Back around the turn of the century, I put this book on my Amazon wish list for some reason, probably because someone or other had recommended it to me. I'm not usually much of a People magazine reader or Entertainment Tonight viewer, but I did enjoy Cintra Wilson's Salon columns back when I still read Salon.

So, ten years later I saw a cheap copy of this now out-of-print book and picked it up.

It's funny. It's also dated and repetitive. Nowadays I try to finish all the books I start, but I started skimming halfway through, not because A Massive Swelling is bad, but because after the first few essays, it's pretty much just more of the same.

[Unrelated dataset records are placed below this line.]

(* Let $G$ be a digraph on $n$ vertices with $\delta^0(G)\geq n/2$. Let $d\geq0$ and suppose $A,B,S,T$ is a partition of $V(G)$ into sets of sizes $a,b,s,t$ with $t\geq s\geq d+2$ and $b=a+d$. Then $G$ contains a set $M$ of $d+1$ edges in $E(T,S\cup B)\cup E(B,S)$ such that the endvertices of edges of $M$ lying outside $B$ are all distinct (no vertex outside $B$ is an endvertex of two edges of $M$), and each vertex of $B$ is an endvertex of at most one edge of $M\cap E(T,B)$ and at most one edge of $M\cap E(B,S)$. Moreover, if $E(T,S)\neq\emptyset$, then $M$ contains an edge of $E(T,S)$.
   Context: Digraphs have no loops and at most one edge in each direction between two vertices; $\delta^0$ is the minimum semidegree (minimum of all in- and outdegrees). $E(X,Y)$ denotes the set of edges $xy$ of $G$ with $x\in X$ and $y\in Y$. *)

From mathcomp Require Import all_boot.

Set Implicit Arguments. Unset Strict Implicit. Unset Printing Implicit Defensive.

(* A digraph on a finite vertex type V: an edge relation with no loops.
   Since it is a relation, there is at most one edge in each direction. *)
Definition loopless (V : finType) (G : rel V) : Prop := forall v, ~~ G v v.

Definition outdeg (V : finType) (G : rel V) (v : V) : nat := #|[set w | G v w]|.
Definition indeg  (V : finType) (G : rel V) (v : V) : nat := #|[set w | G w v]|.

(* delta^0(G) >= n/2, stated without division: 2 * deg >= n for all in/outdegrees *)
Definition min_semideg_half (V : finType) (G : rel V) : Prop :=
  forall v, #|V| <= 2 * outdeg G v /\ #|V| <= 2 * indeg G v.

Definition Eset (V : finType) (G : rel V) (X Y : {set V}) : {set V * V} :=
  [set e | [&& G e.1 e.2, e.1 \in X & e.2 \in Y]].

Definition incident (V : finType) (M : {set V * V}) (x : V) : {set V * V} :=
  [set e in M | (e.1 == x) || (e.2 == x)].

Definition partition4 (V : finType) (A B S T : {set V}) : Prop :=
  [&& [disjoint A & B], [disjoint A & S], [disjoint A & T],
      [disjoint B & S], [disjoint B & T] & [disjoint S & T]] /\
  A :|: B :|: S :|: T = [set: V].

From mathcomp Require Import all_boot.
From mathcomp Require Import zify.

Set Implicit Arguments. Unset Strict Implicit. Unset Printing Implicit Defensive.

(* Call the edges of E(T, S u B) u E(B, S) admissible.  Since their tails lie in
   T u B and their heads in S u B, any set of admissible edges with pairwise
   distinct tails and pairwise distinct heads satisfies all the incidence
   requirements.  Take a maximum such M.  If |M| <= d + 1, some x in T is not a
   tail and some y in S is not a head; by maximality every admissible
   out-neighbour of x is a head of M, every admissible in-neighbour of y is a
   tail of M, and no edge of M is of both kinds (it would close an augmenting
   path x -> . <- . -> y), so these neighbourhoods have at most |M| elements
   together.  All other neighbours of x and y lie in A u T and A u S, so
   d^+(x) + d^-(y) <= 2a + s + t - 2 + |M| < n, contradicting delta^0 >= n/2.
   Hence |M| >= d + 2, and this spare edge leaves room to exchange in an edge
   of E(T, S). *)

Lemma exists_subset_card (T : finType) (X : {set T}) k :
  k <= #|X| -> exists2 Y : {set T}, Y \subset X & #|Y| = k.
Proof.
move=> le_kX.
have /card_gt0P[Y] : 0 < #|[set Y : {set T} | Y \subset X & #|Y| == k]|.
  by rewrite cards_draws bin_gt0.
by rewrite inE => /andP[YX /eqP cardY]; exists Y.
Qed.

Lemma cardsU_disjoint (T : finType) (X Y : {set T}) :
  [disjoint X & Y] -> #|X :|: Y| = #|X| + #|Y|.
Proof. by move=> dXY; rewrite -cardsUI disjoint_setI0 // cards0 addn0. Qed.

Section DigraphMatching.

Variable V : finType.
Implicit Types (E M N : {set V * V}) (u w x : V) (e : V * V).

Definition tails M := [set e.1 | e in M].
Definition heads M := [set e.2 | e in M].

(* A matching of the bipartite double cover of the digraph. *)
Definition matching M := (#|tails M| == #|M|) && (#|heads M| == #|M|).

Lemma matchingP M :
  reflect ({in M &, injective fst} /\ {in M &, injective snd}) (matching M).
Proof. exact: (andPP imset_injP imset_injP). Qed.

Lemma matching_subset M N : N \subset M -> matching M -> matching N.
Proof.
move=> NM /matchingP[inj1 inj2]; apply/matchingP.
by split=> e f eN fN; [apply: inj1 | apply: inj2]; apply: (subsetP NM).
Qed.

Lemma card_setU1_fresh M u w : u \notin tails M -> #|(u, w) |: M| = #|M|.+1.
Proof.
move=> ut; rewrite cardsU1; suff -> : (u, w) \notin M by [].
by apply: contra ut => /(imset_f (fun e => e.1)).
Qed.

Lemma matching_setU1 M u w :
  matching M -> u \notin tails M -> w \notin heads M -> matching ((u, w) |: M).
Proof.
move=> /andP[/eqP tM /eqP hM] ut wh.
rewrite /matching /tails /heads !imsetU1 !cardsU1 -/(tails M) -/(heads M).
have uwM : (u, w) \notin M by apply: contra ut => /(imset_f (fun e => e.1)).
by rewrite (negbTE ut) (negbTE wh) uwM tM hM eqxx.
Qed.

Lemma matching_incident_le1 M x :
  matching M -> x \notin tails M :&: heads M -> #|incident M x| <= 1.
Proof.
move=> /matchingP[inj1 inj2] xTH; apply/card_le1_eqP => e f.
rewrite !inE => /andP[eM ex] /andP[fM fx].
have xtail g : g \in M -> g.1 = x -> x \in tails M by move=> gM <-; apply: imset_f.
have xhead g : g \in M -> g.2 = x -> x \in heads M by move=> gM <-; apply: imset_f.
case/orP: ex => /eqP ex; case/orP: fx => /eqP fx.
- by apply: inj1; rewrite // ex fx.
- by move: xTH; rewrite inE (xtail e) // (xhead f).
- by move: xTH; rewrite inE (xtail f) // (xhead e).
- by apply: inj2; rewrite // ex fx.
Qed.

Lemma matching_exchange E M u w k :
  M \subset E -> matching M -> (u, w) \in E -> k.+2 <= #|M| ->
  exists M' : {set V * V},
    [/\ M' \subset E, matching M', (u, w) \in M' & #|M'| = k.+1].
Proof.
move=> ME mM uwE leM; have /matchingP[inj1 inj2] := mM.
have card_fiber_le1 (p : V * V -> V) z :
    {in M &, injective p} -> #|[set e in M | p e == z]| <= 1.
  move=> injp; apply/card_le1_eqP => e f.
  rewrite !inE => /andP[eM /eqP ez] /andP[fM /eqP fz].
  by apply: injp; rewrite // ez fz.
set M1 := [set e in M | (e.1 != u) && (e.2 != w)].
have leM1 : k <= #|M1|.
  have : M \subset M1 :|: [set e in M | e.1 == u] :|: [set e in M | e.2 == w].
    by apply/subsetP => e eM; rewrite !inE eM; case: (e.1 == u); case: (e.2 == w).
  move/subset_leq_card; rewrite !cardsU.
  by have := card_fiber_le1 _ u inj1; have := card_fiber_le1 _ w inj2; lia.
have [Y YM1 cardY] := exists_subset_card leM1.
have YM : Y \subset M.
  by apply: subset_trans YM1 _; apply/subsetP => e; rewrite inE => /andP[].
have ut : u \notin tails Y.
  apply/imsetP => -[e /(subsetP YM1)]; rewrite inE => /and3P[_ eu _] ue.
  by rewrite ue eqxx in eu.
have wh : w \notin heads Y.
  apply/imsetP => -[e /(subsetP YM1)]; rewrite inE => /and3P[_ _ ew] we.
  by rewrite we eqxx in ew.
exists ((u, w) |: Y); split.
- by rewrite subUset sub1set uwE (subset_trans YM ME).
- exact: matching_setU1 (matching_subset YM mM) ut wh.
- exact: setU11.
- by rewrite card_setU1_fresh // cardY.
Qed.

Section MaximumMatching.

Variables (E M : {set V * V}).
Hypotheses (ME : M \subset E) (mM : matching M)
  (maxM : forall N, N \subset E -> matching N -> #|N| <= #|M|).

Lemma max_matching_out_exposed u w :
  u \notin tails M -> (u, w) \in E -> w \in heads M.
Proof.
move=> ut uwE; apply/negPn/negP => wh.
have NE : (u, w) |: M \subset E by rewrite subUset sub1set uwE ME.
by have := maxM NE (matching_setU1 mM ut wh); rewrite card_setU1_fresh // ltnn.
Qed.

Lemma max_matching_in_exposed u w :
  w \notin heads M -> (u, w) \in E -> u \in tails M.
Proof.
move=> wh uwE; apply/negPn/negP => ut.
have NE : (u, w) |: M \subset E by rewrite subUset sub1set uwE ME.
by have := maxM NE (matching_setU1 mM ut wh); rewrite card_setU1_fresh // ltnn.
Qed.

(* Otherwise [u -> e.2 <- e.1 -> w] would be an augmenting path. *)
Lemma max_matching_no_path3 u w e : u \notin tails M -> w \notin heads M ->
  e \in M -> (u, e.2) \in E -> (e.1, w) \in E -> False.
Proof.
move=> ut wh eM ue2E e1wE; have /matchingP[inj1 inj2] := mM.
set M0 := M :\ e; have sM0M : M0 \subset M := subD1set M e.
have e1t : e.1 \notin tails M0.
  apply/imsetP => -[f /setD1P[fe fM] /(inj1 _ _ eM fM) ef].
  by rewrite ef eqxx in fe.
have e2h : e.2 \notin heads M0.
  apply/imsetP => -[f /setD1P[fe fM] /(inj2 _ _ eM fM) ef].
  by rewrite ef eqxx in fe.
have wh0 : w \notin heads M0 by apply: contra wh; apply/subsetP/imsetS.
have ut0 : u \notin tails M0 by apply: contra ut; apply/subsetP/imsetS.
set M1 := (e.1, w) |: M0.
have mM1 : matching M1 := matching_setU1 (matching_subset sM0M mM) e1t wh0.
have cardM1 : #|M1| = #|M| by rewrite card_setU1_fresh // [#|M|](cardsD1 e) eM.
have ut1 : u \notin tails M1.
  rewrite /tails imsetU1 in_setU1 negb_or ut0 andbT /=.
  by apply: contraNneq ut => ->; apply: imset_f.
have e2h1 : e.2 \notin heads M1.
  rewrite /heads imsetU1 in_setU1 negb_or e2h andbT /=.
  by apply: contraNneq wh => <-; apply: imset_f.
have NE : (u, e.2) |: M1 \subset E.
  by rewrite !subUset !sub1set ue2E e1wE (subset_trans sM0M ME).
have := maxM NE (matching_setU1 mM1 ut1 e2h1).
by rewrite card_setU1_fresh // cardM1 ltnn.
Qed.

Lemma max_matching_degree_bound u w : u \notin tails M -> w \notin heads M ->
  #|[set v | (u, v) \in E]| + #|[set v | (v, w) \in E]| <= #|M|.
Proof.
move=> ut wh.
set X := [set e in M | (u, e.2) \in E]; set Y := [set e in M | (e.1, w) \in E].
have outX : [set v | (u, v) \in E] \subset heads X.
  apply/subsetP => v; rewrite inE => uvE.
  have /imsetP[e eM ev] := max_matching_out_exposed ut uvE.
  by rewrite ev; apply: imset_f; rewrite inE eM -ev.
have inY : [set v | (v, w) \in E] \subset tails Y.
  apply/subsetP => v; rewrite inE => vwE.
  have /imsetP[e eM ev] := max_matching_in_exposed wh vwE.
  by rewrite ev; apply: imset_f; rewrite inE eM -ev.
have dXY : [disjoint X & Y].
  rewrite -setI_eq0 -subset0; apply/subsetP => e.
  rewrite !inE => /andP[/andP[eM ue2E] /andP[_ e1wE]].
  by case: (max_matching_no_path3 ut wh eM ue2E e1wE).
have XYM : X :|: Y \subset M.
  by apply/subsetP => e; rewrite !inE => /orP[]/andP[].
apply: leq_trans (leq_add (subset_leq_card outX) (subset_leq_card inY)) _.
apply: leq_trans (leq_add (leq_imset_card _ _) (leq_imset_card _ _)) _.
by rewrite -cardsU_disjoint // subset_leq_card.
Qed.

End MaximumMatching.

End DigraphMatching.

Section Proposition.

Variables (V : finType) (G : rel V) (A B S T : {set V}).
Hypotheses (loopG : loopless G) (partG : partition4 A B S T).
Implicit Types (X Y : {set V}) (M : {set V * V}).

Definition admissible : {set V * V} := Eset G T (S :|: B) :|: Eset G B S.

Lemma card_partition4 : #|V| = #|A| + #|B| + #|S| + #|T|.
Proof.
case: partG => /and5P[dAB dAS dAT dBS /andP[dBT dST]] cover.
by rewrite -cardsT -cover !cardsU_disjoint // -setI_eq0 !setIUl !disjoint_setI0 ?setU0.
Qed.

Lemma outdeg_le_admissible x : x \in T ->
  outdeg G x <= #|A| + #|T :\ x| + #|[set v | (x, v) \in admissible]|.
Proof.
move=> xT; apply: (@leq_trans #|A :|: T :\ x :|: [set v | (x, v) \in admissible]|).
  apply/subset_leq_card/subsetP => v; rewrite inE => Gxv.
  have vx : v != x by apply: contraTneq Gxv => ->; apply: loopG.
  have : v \in [set: V] by []; rewrite -partG.2 !inE /= vx Gxv xT.
  by case: (v \in A); case: (v \in B); case: (v \in S); case: (v \in T).
apply: leq_trans (leq_card_setU _ _) _; rewrite leq_add2r; exact: leq_card_setU.
Qed.

Lemma indeg_le_admissible y : y \in S ->
  indeg G y <= #|A| + #|S :\ y| + #|[set v | (v, y) \in admissible]|.
Proof.
move=> yS; apply: (@leq_trans #|A :|: S :\ y :|: [set v | (v, y) \in admissible]|).
  apply/subset_leq_card/subsetP => v; rewrite inE => Gvy.
  have vy : v != y by apply: contraTneq Gvy => ->; apply: loopG.
  have : v \in [set: V] by []; rewrite -partG.2 !inE /= vy Gvy yS.
  by case: (v \in A); case: (v \in B); case: (v \in S); case: (v \in T).
apply: leq_trans (leq_card_setU _ _) _; rewrite leq_add2r; exact: leq_card_setU.
Qed.

Lemma tailsI_heads_Eset X Y M :
  tails (M :&: Eset G X Y) :&: heads (M :&: Eset G X Y) \subset X :&: Y.
Proof.
apply: setISS; apply/subsetP => x /imsetP[e /setIP[_]].
  by rewrite inE => /and3P[_ eX _] ->.
by rewrite inE => /and3P[_ _ eY] ->.
Qed.

Lemma tailsI_heads_admissible M :
  M \subset admissible -> tails M :&: heads M \subset B.
Proof.
case: partG => /and5P[_ _ _ _ /andP[_ dST]] _ ME.
apply/subsetP => _ /setIP[/imsetP[e eM ->] /imsetP[f fM ef]].
move: (subsetP ME e eM) (subsetP ME f fM); rewrite !inE ef.
case/orP => /and3P[_ fT _] // /orP[/and3P[_ _ /orP[fS | //]] | /and3P[_ _ fS]];
  by rewrite (disjointFl dST fT) in fS.
Qed.

Lemma exists_large_admissible_matching d :
  min_semideg_half G -> #|S| <= #|T| -> d + 2 <= #|S| -> #|B| = #|A| + d ->
  exists M : {set V * V}, [/\ M \subset admissible, matching M & d.+2 <= #|M|].
Proof.
move=> degG leST; rewrite addn2 => leS cardB.
pose P (M : {set V * V}) := (M \subset admissible) && matching M.
have P0 : P set0 by rewrite /P sub0set /matching /tails /heads !imset0 !cards0.
have [M /andP[ME mM] maxM] := @arg_maxnP _ set0 P (fun M => #|M|) P0.
exists M; split => //; rewrite leqNgt; apply/negP => smallM.
have [x xT xt] : exists2 x, x \in T & x \notin tails M.
  apply/subsetPn; apply: contraTN smallM => /subset_leq_card leTt; rewrite -leqNgt.
  by rewrite (leq_trans leS) // (leq_trans leST) // (leq_trans leTt) ?leq_imset_card.
have [y yS yh] : exists2 y, y \in S & y \notin heads M.
  apply/subsetPn; apply: contraTN smallM => /subset_leq_card leSh; rewrite -leqNgt.
  by rewrite (leq_trans leS) // (leq_trans leSh) ?leq_imset_card.
have maxM' (N : {set V * V}) : N \subset admissible -> matching N -> #|N| <= #|M|.
  by move=> NE mN; apply: maxM; rewrite /P NE.
have := max_matching_degree_bound ME mM maxM' xt yh.
have := outdeg_le_admissible xT; have := indeg_le_admissible yS.
have [dx _] := degG x; have [_ dy] := degG y.
have := cardsD1 x T; have := cardsD1 y S; have := card_partition4; rewrite xT yS.
lia.
Qed.

End Proposition.

Theorem proposition5p6 (V : finType) (G : rel V) (A B S T : {set V}) (d : nat) :
  loopless G ->
  min_semideg_half G ->
  partition4 A B S T ->
  #|S| <= #|T| -> d + 2 <= #|S| -> #|B| = #|A| + d ->
  exists M : {set V * V},
    [/\ #|M| = d.+1,
        M \subset Eset G T (S :|: B) :|: Eset G B S,
        (forall x, x \notin B -> #|incident M x| <= 1),
        (forall v, v \in B ->
           #|incident (M :&: Eset G T B) v| <= 1 /\
           #|incident (M :&: Eset G B S) v| <= 1)
      & (Eset G T S != set0 -> M :&: Eset G T S != set0)].
Proof.
move=> loopG degG partG leST leS cardB.
have [M [ME mM leM]] :=
  exists_large_admissible_matching loopG partG degG leST leS cardB.
have [M' [M'E mM' cardM' TSM']] : exists M' : {set V * V},
    [/\ M' \subset admissible G B S T, matching M', #|M'| = d.+1
      & Eset G T S != set0 -> M' :&: Eset G T S != set0].
  have [TS0 | /set0Pn[[u w] uwTS]] := eqVneq (Eset G T S) set0.
    have [M' M'M cardM'] := exists_subset_card (ltnW leM).
    exists M'; split; rewrite ?TS0 ?eqxx //; first exact: subset_trans M'M ME.
    exact: matching_subset M'M mM.
  have uwE : (u, w) \in admissible G B S T.
    by move: uwTS; rewrite !inE => /and3P[-> -> ->].
  have [M' [M'E mM' uwM' cardM']] := matching_exchange ME mM uwE leM.
  by exists M'; split => // _; apply/set0Pn; exists (u, w); apply/setIP.
have [/and5P[_ _ _ dBS /andP[dBT _]] _] := partG.
exists M'; split => //.
- move=> x xB; apply: matching_incident_le1 mM' _.
  by apply: contra xB; apply: (subsetP (tailsI_heads_admissible partG M'E)).
- move=> v vB.
  have le1_Eset X Y : v \notin X :&: Y -> #|incident (M' :&: Eset G X Y) v| <= 1.
    move=> vXY; apply: matching_incident_le1 (matching_subset (subsetIl _ _) mM') _.
    by apply: contra vXY; apply: (subsetP (tailsI_heads_Eset _ _ _ _)).
  split; apply: le1_Eset; rewrite inE.
  + by rewrite (disjointFr dBT vB).
  + by rewrite (disjointFr dBS vB) andbF.
Qed.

Wilson's writing is satirical, scathing, over-the-top, tasteless, mean and snarky. The ironic and prescient passage below, about Michael Jackson, is a relatively mild sample:


I was worried for a long time that Michael was going to die soon; nobody I knew thought that Michael could live very long, particularly in his disgraced Short Eyes state, like Wat, the no-nosed man in the King Arthur legend who lived in the woods and bit children. I had a pseudomystical experience where I had a strange vision of Michael's autopsy photo. In many circles, bootlegs of this would be a very hot item that would get passed around the sicko cognoscenti in L.A. the same way that color Xeroxes of the police shot of Kurt Cobain after his suicide secretly made the rounds. Jesus, I thought, it's the only way the world will ever know what the poor little guy actually looked like under all those buckles, powder, and paste.


And herein is the problem: it's funny, if you like brutal deconstructions of big celebrities and the culture of fame, but Wilson writes like this throughout the book, a non-stop torrent of biting neologisms and pot shots in long blocks of text that make you picture her delivering these polemics in a blaze as high as the coke-addled celebrities she mocks.

Open to a random page and you'll find something cruel, true, and funny. But once you've read the first few essays, you've read them all. She just shifts target from one chapter to the next: Las Vegas, L.A., Celine Dion, Bruce Willis, plastic surgery, beauty pageants, the Hollywood Awards Ceremony, etc.

Wait, you're saying: Celine Dion? Bruce Willis? Weren't they famous, like, a geological age ago, in Hollywood years?

Yeah, that's the other problem: A Massive Swelling was written in 2000. Any book snarking on celebrities and pop culture is going to be pretty dated after ten years. You'll still recognize most of the names Wilson points and laughs at, but they're mostly celebrities who are rarely seen nowadays except at award ceremonies and the occasional Oscar-bait film or celebrity shows for the desperate-to-be-remembered-again. So, no mention of Britney Spears or Lindsay Lohan or Paris Hilton or Brangelina. Survivor debuted in 2000, so this book missed the ensuing reality TV cataclysm, and it barely even mentions the Internet.

That said, if you like this kind of thing, it's funny and vicious and not yet so dated as to be completely irrelevant. Really, the underlying phenomenon Wilson talks about -- the pathetic, desperate grasp for celebrity and the general public who clings to any miserable scrap of reflected fame and schadenfreude they can get -- is as timely today as ever. She publishes actual letters from the mothers of tween girls to boy bands -- not the tween girls, their mothers -- that will shrivel whatever kind of genitalia you've got. Just replace 'N Sync with Justin Bieber, and it's still current.

Now excuse me, I have to go bleach my brain with a nice cleansing bath of Dickens or Tolstoy.


Verdict: If you see this in the dollar bin, it's worth picking up. Someday all the names in this book will be trivia questions, but the savage snark is timeless.